*TASK GOAL:* Start at the line below containing "v = sumR n (fun" and stop at the line containing "Definition k_dist (G". Repeat every line of that stretch exactly, and nothing outside it.

Recorded data:

(* Let $\alpha\in(0,\pi]$ and $x,y\in S_\alpha$ with $|y|\le|x|$. Then \[ k_{S_\alpha}(x,y)\ge\frac{1}{\sin\frac{\alpha}{2}}\log\frac{|x|}{|y|}. \]
   Context: $S_\alpha=\{\rho e^{it}:\rho>0,\ t\in(0,\alpha)\}\subset\mathbb{C}$. For a domain $G\subsetneq\mathbb{R}^2$, $k_G(x,y)=\inf_\gamma\int_\gamma\frac{|dz|}{d(z,\partial G)}$, the infimum over rectifiable curves $\gamma\subset G$ joining $x$ and $y$ (quasihyperbolic distance). *)

From Stdlib Require Import Reals Lra Lia ClassicalEpsilon.
Open Scope R_scope.

Definition pt := (R * R)%type.

Definition cnorm (z : pt) : R := sqrt (fst z ^ 2 + snd z ^ 2).
Definition cdist (z w : pt) : R :=
  sqrt ((fst z - fst w) ^ 2 + (snd z - snd w) ^ 2).

Definition sector (alpha : R) (z : pt) : Prop :=
  exists rho t, 0 < rho /\ 0 < t < alpha /\ z = (rho * cos t, rho * sin t).

(* Greatest lower bound / least upper bound of a set of reals,
   chosen by classical choice (meaningful when they exist). *)
Definition is_glb_R (A : R -> Prop) (r : R) : Prop :=
  (forall a, A a -> r <= a) /\ (forall s, (forall a, A a -> s <= a) -> s <= r).
Definition Inf_R (A : R -> Prop) : R :=
  epsilon (inhabits 0) (fun r => is_glb_R A r).
Definition Sup_R (A : R -> Prop) : R :=
  epsilon (inhabits 0) (fun r => is_lub A r).

Definition boundary (G : pt -> Prop) (w : pt) : Prop :=
  forall eps, 0 < eps ->
    (exists z, G z /\ cdist z w < eps) /\ (exists z, ~ G z /\ cdist z w < eps).

Definition dist_set (A : pt -> Prop) (z : pt) : R :=
  Inf_R (fun s => exists w, A w /\ s = cdist z w).

Fixpoint sumR (n : nat) (f : nat -> R) : R :=
  match n with
  | O => 0
  | S k => sumR k f + f k
  end.

Definition partition01 (n : nat) (p : nat -> R) : Prop :=
  p O = 0 /\ p n = 1 /\ (forall i, (i < n)%nat -> p i <= p (S i)).

Definition curve_in (G : pt -> Prop) (gamma : R -> pt) (x y : pt) : Prop :=
  gamma 0 = x /\ gamma 1 = y /\
  (forall t, 0 <= t <= 1 -> G (gamma t)) /\
  (forall t, 0 <= t <= 1 -> forall eps, 0 < eps -> exists delta, 0 < delta /\
     forall s, 0 <= s <= 1 -> Rabs (s - t) < delta -> cdist (gamma s) (gamma t) < eps).

Definition rectifiable (gamma : R -> pt) : Prop :=
  exists B, forall n p, partition01 n p ->
    sumR n (fun i => cdist (gamma (p (S i))) (gamma (p i))) <= B.

(* Lower Darboux-Stieltjes sums of  |dz| / d(z, boundary G)  along gamma:
   m i is any lower bound of the weight on the i-th subarc. *)
Definition qh_lower_sum (G : pt -> Prop) (gamma : R -> pt) (v : R) : Prop :=
  exists n p m, partition01 n p /\
    (forall i, (i < n)%nat -> forall t, p i <= t <= p (S i) ->
        m i <= / dist_set (boundary G) (gamma t)) /\
    v = sumR n (fun i => m i * cdist (gamma (p (S i))) (gamma (p i))).

(* Quasihyperbolic length  int_gamma |dz| / d(z, boundary G)
   (supremum of lower sums; the weight is continuous). *)
Definition qh_length (G : pt -> Prop) (gamma : R -> pt) : R :=
  Sup_R (qh_lower_sum G gamma).

Definition k_dist (G : pt -> Prop) (x y : pt) : R :=
  Inf_R (fun v => exists gamma, curve_in G gamma x y /\ rectifiable gamma /\
                                v = qh_length G gamma).

(* The distance from z in S_alpha to the boundary is at most |z| sin(alpha/2), since
   the nearer edge is seen from z at an angle at most alpha/2.  Given a curve from x
   to y, fix N and levels a_k = |x| q^k with q^N = |y|/|x|, and cut the curve at the
   last times T_k where |gamma| = a_k.  On [T_k, T_(k+1)] the curve stays in
   |z| <= a_k and has length at least a_k - a_(k+1), so the quasihyperbolic length is
   at least N (1 - q) / sin(alpha/2), which tends to log(|x|/|y|) / sin(alpha/2). *)

From Stdlib Require Import Reals Lra Lia ClassicalEpsilon.
Open Scope R_scope.

Lemma cauchy_schwarz2 (u1 u2 v1 v2 : R) :
  u1 * v1 + u2 * v2 <= sqrt (u1 ^ 2 + u2 ^ 2) * sqrt (v1 ^ 2 + v2 ^ 2).
Proof. rewrite <- !Rsqr_pow2. apply sqrt_cauchy. Qed.

Lemma cdist_ge0 (z w : pt) : 0 <= cdist z w.
Proof. apply sqrt_pos. Qed.

Lemma cdist_sym (z w : pt) : cdist z w = cdist w z.
Proof. unfold cdist; f_equal; ring. Qed.

Lemma cdist_refl (z : pt) : cdist z z = 0.
Proof. unfold cdist. rewrite !Rminus_diag, pow_i, Rplus_0_r by lia. apply sqrt_0. Qed.

Lemma cdist_triangle (a b c : pt) : cdist a c <= cdist a b + cdist b c.
Proof.
  unfold cdist.
  set (x1 := fst a - fst b); set (x2 := snd a - snd b).
  set (y1 := fst b - fst c); set (y2 := snd b - snd c).
  replace (fst a - fst c) with (x1 + y1) by (unfold x1, y1; ring).
  replace (snd a - snd c) with (x2 + y2) by (unfold x2, y2; ring).
  pose proof (sqrt_pos (x1 ^ 2 + x2 ^ 2)); pose proof (sqrt_pos (y1 ^ 2 + y2 ^ 2)).
  rewrite <- (sqrt_square (sqrt (x1 ^ 2 + x2 ^ 2) + sqrt (y1 ^ 2 + y2 ^ 2))) by lra.
  apply sqrt_le_1_alt.
  pose proof (sqrt_sqrt (x1 ^ 2 + x2 ^ 2) ltac:(nra)).
  pose proof (sqrt_sqrt (y1 ^ 2 + y2 ^ 2) ltac:(nra)).
  pose proof (cauchy_schwarz2 x1 x2 y1 y2). nra.
Qed.

Lemma cnorm_cdist0 (z : pt) : cnorm z = cdist z (0, 0).
Proof. unfold cnorm, cdist; simpl; f_equal; ring. Qed.

Lemma cnorm_polar (rho t : R) : 0 <= rho -> cnorm (rho * cos t, rho * sin t) = rho.
Proof.
  intros Hrho. unfold cnorm; cbn [fst snd].
  replace ((rho * cos t) ^ 2 + (rho * sin t) ^ 2) with (rho * rho * (Rsqr (sin t) + Rsqr (cos t)))
    by (unfold Rsqr; ring).
  rewrite sin2_cos2, Rmult_1_r. now apply sqrt_square.
Qed.

Definition lipschitz1 (F : pt -> R) : Prop := forall z w, F z - F w <= cdist z w.

Lemma lipschitz1_abs (F : pt -> R) (z w : pt) :
  lipschitz1 F -> Rabs (F z - F w) <= cdist z w.
Proof.
  intros HF. pose proof (HF z w). pose proof (HF w z) as Hwz. rewrite cdist_sym in Hwz.
  unfold Rabs; destruct Rcase_abs; lra.
Qed.

Lemma cnorm_lipschitz1 : lipschitz1 cnorm.
Proof. intros z w. rewrite !cnorm_cdist0. pose proof (cdist_triangle z w (0, 0)). lra. Qed.

Lemma unit_functional_lipschitz1 (a b : R) :
  a ^ 2 + b ^ 2 = 1 -> lipschitz1 (fun z => fst z * a + snd z * b).
Proof.
  intros Hab z w. unfold cdist.
  pose proof (cauchy_schwarz2 (fst z - fst w) (snd z - snd w) a b) as Hcs.
  rewrite Hab, sqrt_1 in Hcs. lra.
Qed.

Definition lerp (w z : pt) (s : R) : pt :=
  (fst w + s * (fst z - fst w), snd w + s * (snd z - snd w)).

Lemma lerp0 (w z : pt) : lerp w z 0 = w.
Proof. destruct w; unfold lerp; simpl; f_equal; ring. Qed.

Lemma lerp1 (w z : pt) : lerp w z 1 = z.
Proof. destruct z; unfold lerp; simpl; f_equal; ring. Qed.

Lemma cdist_lerp (w z : pt) (s t : R) :
  cdist (lerp w z s) (lerp w z t) = Rabs (s - t) * cdist z w.
Proof.
  unfold lerp, cdist; cbn [fst snd].
  replace ((fst w + s * (fst z - fst w) - (fst w + t * (fst z - fst w))) ^ 2 +
           (snd w + s * (snd z - snd w) - (snd w + t * (snd z - snd w))) ^ 2)
    with ((s - t) * (s - t) * ((fst z - fst w) ^ 2 + (snd z - snd w) ^ 2)) by ring.
  rewrite sqrt_mult_alt by apply Rle_0_sqr. f_equal. apply sqrt_Rsqr_abs.
Qed.

Lemma Inf_R_glb (A : R -> Prop) :
  (exists a, A a) -> (exists m, forall a, A a -> m <= a) -> is_glb_R A (Inf_R A).
Proof.
  intros [a Ha] [m Hm]. unfold Inf_R. apply epsilon_spec.
  destruct (completeness (fun b => A (- b))) as [l [Hub Hlub]].
  - exists (- m). intros b Hb. specialize (Hm _ Hb). lra.
  - exists (- a). now rewrite Ropp_involutive.
  - exists (- l). split.
    + intros b Hb. assert (- b <= l) by (apply Hub; now rewrite Ropp_involutive). lra.
    + intros s Hs. assert (l <= - s) by (apply Hlub; intros b Hb; specialize (Hs _ Hb); lra). lra.
Qed.

Lemma Sup_R_lub (A : R -> Prop) :
  (exists a, A a) -> (exists M, forall a, A a -> a <= M) -> is_lub A (Sup_R A).
Proof.
  intros Hne [M HM]. unfold Sup_R. apply epsilon_spec.
  destruct (completeness A) as [l Hl]; [now exists M | auto | now exists l].
Qed.

Lemma dist_set_glb (A : pt -> Prop) (z : pt) :
  (exists w, A w) -> is_glb_R (fun s => exists w, A w /\ s = cdist z w) (dist_set A z).
Proof.
  intros [w Hw]. apply Inf_R_glb; [now exists (cdist z w), w |].
  exists 0. intros s [u [_ ->]]. apply cdist_ge0.
Qed.

Lemma dist_set_le (A : pt -> Prop) (z w : pt) : A w -> dist_set A z <= cdist z w.
Proof.
  intros Hw. destruct (dist_set_glb A z (ex_intro _ w Hw)) as [Hlb _]. apply Hlb. now exists w.
Qed.

Lemma dist_set_ge (A : pt -> Prop) (z : pt) (c : R) :
  (exists w, A w) -> (forall w, A w -> c <= cdist z w) -> c <= dist_set A z.
Proof.
  intros Hne Hc. destruct (dist_set_glb A z Hne) as [_ Hglb].
  apply Hglb. intros s [w [Hw ->]]. now apply Hc.
Qed.

Lemma cdist_ray_projection (rho t th : R) :
  0 <= rho ->
  cdist (rho * cos t, rho * sin t) (rho * cos (t - th) * cos th, rho * cos (t - th) * sin th)
  = rho * Rabs (sin (t - th)).
Proof.
  intros Hrho. unfold cdist; cbn [fst snd].
  set (u := t - th). replace t with (u + th) by (unfold u; ring).
  rewrite cos_plus, sin_plus.
  replace ((rho * (cos u * cos th - sin u * sin th) - rho * cos u * cos th) ^ 2 +
           (rho * (sin u * cos th + cos u * sin th) - rho * cos u * sin th) ^ 2)
    with (Rsqr (rho * sin u) * (Rsqr (sin th) + Rsqr (cos th))) by (unfold Rsqr; ring).
  rewrite sin2_cos2, Rmult_1_r, sqrt_Rsqr_abs, Rabs_mult, Rabs_pos_eq; auto.
Qed.

Lemma sumR_ext (n : nat) (f g : nat -> R) :
  (forall i, (i < n)%nat -> f i = g i) -> sumR n f = sumR n g.
Proof. induction n; simpl; intros H; auto. rewrite IHn, H; auto. Qed.

Lemma sumR_le (n : nat) (f g : nat -> R) :
  (forall i, (i < n)%nat -> f i <= g i) -> sumR n f <= sumR n g.
Proof.
  induction n; simpl; intros H; [lra |].
  pose proof (H n ltac:(lia)). enough (sumR n f <= sumR n g) by lra. auto.
Qed.

Lemma sumR_scal (n : nat) (c : R) (f : nat -> R) : sumR n (fun i => c * f i) = c * sumR n f.
Proof. induction n; simpl; [ring | rewrite IHn; ring]. Qed.

Lemma sumR_const (n : nat) (c : R) : sumR n (fun _ => c) = INR n * c.
Proof. induction n; simpl sumR; [simpl; ring | rewrite IHn, S_INR; ring]. Qed.

Lemma sumR_shift (n : nat) (f : nat -> R) : sumR (S n) f = f O + sumR n (fun i => f (S i)).
Proof. induction n; simpl in *; [ring | rewrite IHn; ring]. Qed.

Lemma sumR_telescope (n : nat) (f : nat -> R) : sumR n (fun i => f i - f (S i)) = f O - f n.
Proof. induction n; simpl; [ring | rewrite IHn; ring]. Qed.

*SOLUTION FOR THIS EXERCISE:*
    v = sumR n (fun i => m i * cdist (gamma (p (S i))) (gamma (p i))).

(* Quasihyperbolic length  int_gamma |dz| / d(z, boundary G)
   (supremum of lower sums; the weight is continuous). *)
Definition qh_length (G : pt -> Prop) (gamma : R -> pt) : R :=
  Sup_R (qh_lower_sum G gamma).

Definition k_dist (G : pt -> Prop) (x y : pt) : R :=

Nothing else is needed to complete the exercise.